Under this mask, another mask. I will never be finished removing all these faces.

—Claude Cahun

 

Claude Cahun (Lucy Schwob) and Marcel Moore (Suzanne Malherbe), Untitled [Portrait holding mask], 1947. Gelatin silver print. © Jersey Heritage

Our time is up. I know this by the empty houses. We had fifty years of fortune-telling and unclean work. In a distant marble palace someone penned a paper that said we are bad again. The mines are scraped, the forest is quiet, it’s the second drought in a row, and they need someone to suffer for it.

I should have left with the others.

The tree this staff was carved from is dead. Each step threatens to snap it against the hard soil. The herbs in my vials have lost their potency, I have traded the amulets of my god for enough food and water to cross the next horizon. My neck is naked and faithless.

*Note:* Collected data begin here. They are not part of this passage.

Lemma code_val_mul_conj a x y : a * a^* = 1 ->
  code_val a x * (code_val a y)^* = (dot0 x y)%:~R + (dota x y)%:~R * a + (dota y x)%:~R * a^*.
Proof.
move=> aa; case: x => [|[|x]]; case: y => [|[|y]];
  rewrite /= ?rmorph1 ?rmorphN ?mul1r ?mulr1 ?mulrN ?mulNr ?opprK ?aa /=;
  by rewrite ?mul0r ?mul1r ?mulN1r ?addr0 ?add0r.
Qed.

Lemma nonreal_int_relation a (A B D : int) : a^* != a ->
  A%:~R + B%:~R * a + D%:~R * a^* = 0 :> C -> B = D /\ A%:~R = - (B%:~R * (a + a^*)) :> C.
Proof.
move=> nra E.
have Ec : A%:~R + B%:~R * a^* + D%:~R * a = 0 :> C.
  by move: (congr1 Num.conj E); rewrite rmorph0 !rmorphD !rmorphM !rmorph_int /= conjCK.
have BD : B = D.
  have : (B%:~R - D%:~R) * (a - a^*) = 0 :> C.
    rewrite (_ : _ * _ = (A%:~R + B%:~R * a + D%:~R * a^*) - (A%:~R + B%:~R * a^* + D%:~R * a)).
      by rewrite E Ec subrr.
    ring.
  move/eqP; rewrite mulf_eq0 !subr_eq0 [a == _]eq_sym (negbTE nra) orbF.
  by rewrite eqr_int => /eqP.
split=> //; subst D; apply/eqP; rewrite -addr_eq0; apply/eqP; rewrite -[RHS]E; ring.
Qed.

Lemma norm_sub_conj a : a * a^* = 1 -> `|a - a^*| ^+ 2 = 4 - (a + a^*) ^+ 2.
Proof.
move=> aa; rewrite normCK rmorphB /= conjCK.
have -> : 4 = 4 * (a * a^*) :> C by rewrite aa mulr1.
ring.
Qed.

Lemma code_orth_of_orth a r s : a * a^* = 1 -> a^* != a ->
  (pairsum dot0 r s)%:~R + (pairsum dota r s)%:~R * a + (pairsum dota s r)%:~R * a^* = 0 ->
  code_orth r s.
Proof.
move=> aa nra /(nonreal_int_relation nra) [BD EA].
rewrite /code_orth -BD eqxx /=.
set A := pairsum dot0 r s in EA *; set B := pairsum dota r s in EA *.
have [B0|Bnz] := eqVneq B 0.
  by move: EA; rewrite B0 mul0r oppr0 => /eqP; rewrite intr_eq0.
have gap : (4 * (B * B) - A * A)%:~R = (B * B)%:~R * `|a - a^*| ^+ 2 :> C.
  by rewrite norm_sub_conj // intrB !intrM EA; ring.
rewrite -subr_gt0 -(ltr0z C) gap pmulr_rgt0 ?exprn_gt0 ?normr_gt0 ?subr_eq0 1?eq_sym //.
by rewrite ltr0z -expr2 exprn_even_gt0.
Qed.
Definition is_pushout {H : hyperring} {A B A' B' : hmodule H}
  (i : hmod_hom A B) (j : hmod_hom A A') (i' : hmod_hom A' B') (j' : hmod_hom B B') : Prop :=
  commutes i j i' j' /\
  forall (X : hmodule H) (p : hmod_hom A' X) (q : hmod_hom B X),
    hom_eq (hom_comp p j) (hom_comp q i) ->
    exists w : hmod_hom B' X,
      hom_eq (hom_comp w i') p /\ hom_eq (hom_comp w j') q /\
      forall w' : hmod_hom B' X,
        hom_eq (hom_comp w' i') p -> hom_eq (hom_comp w' j') q -> hom_eq w' w.

Definition proto_exact (H : hyperring) (Mc Ec : morph_class H) : Prop :=
  (exists Z : hmodule H, is_zero_object Z) /\
  (forall Z : hmodule H, is_zero_object Z ->
     forall A : hmodule H,
       (forall f : hmod_hom Z A, Mc Z A f) /\ (forall g : hmod_hom A Z, Ec A Z g)) /\
  (forall (M N : hmodule H) (f : hmod_hom M N), is_iso f -> Mc M N f /\ Ec M N f) /\
  (forall (A B C : hmodule H) (f : hmod_hom A B) (g : hmod_hom B C),
     (Mc A B f -> Mc B C g -> Mc A C (hom_comp g f)) /\
     (Ec A B f -> Ec B C g -> Ec A C (hom_comp g f))) /\
  (forall (A B A' B' : hmodule H) (i : hmod_hom A B) (j : hmod_hom A A')
          (i' : hmod_hom A' B') (j' : hmod_hom B B'),
     Mc A B i -> Mc A' B' i' -> Ec A A' j -> Ec B B' j' ->
     commutes i j i' j' ->
     (is_pullback i j i' j' <-> is_pushout i j i' j')) /\
  (forall (A' B B' : hmodule H) (i' : hmod_hom A' B') (j' : hmod_hom B B'),
     Mc A' B' i' -> Ec B B' j' ->
     exists (A : hmodule H) (i : hmod_hom A B) (j : hmod_hom A A'),
       Mc A B i /\ Ec A A' j /\ is_pullback i j i' j' /\ is_pushout i j i' j') /\
  (forall (A B A' : hmodule H) (i : hmod_hom A B) (j : hmod_hom A A'),
     Mc A B i -> Ec A A' j ->
     exists (B' : hmodule H) (i' : hmod_hom A' B') (j' : hmod_hom B B'),
       Mc A' B' i' /\ Ec B B' j' /\ is_pullback i j i' j' /\ is_pushout i j i' j').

The staff breaks, jolting me from my sleeping walk. My arm is so numb, the staff feels like leaving part of myself behind.

I’m very tired. Has anyone been tired before? In history? Possibly.

Hell is not a special place. It is an extension of our life on earth. In hell we fall forever. The idea of heaven is that you finally stop falling.

At the edge of town I smoke the rest of my pagan leaf, coughing as I uncork my vials and dump rue, laser, pennyroyal into the creek. Fish nibble and dart away.

Photo: Johnna Arnold

I can eat at the inn if they don’t think I’m a Zannoi. I remove the piercing from my tongue, shed my coat with its quaint ancestral patterns. But some things I can’t remove.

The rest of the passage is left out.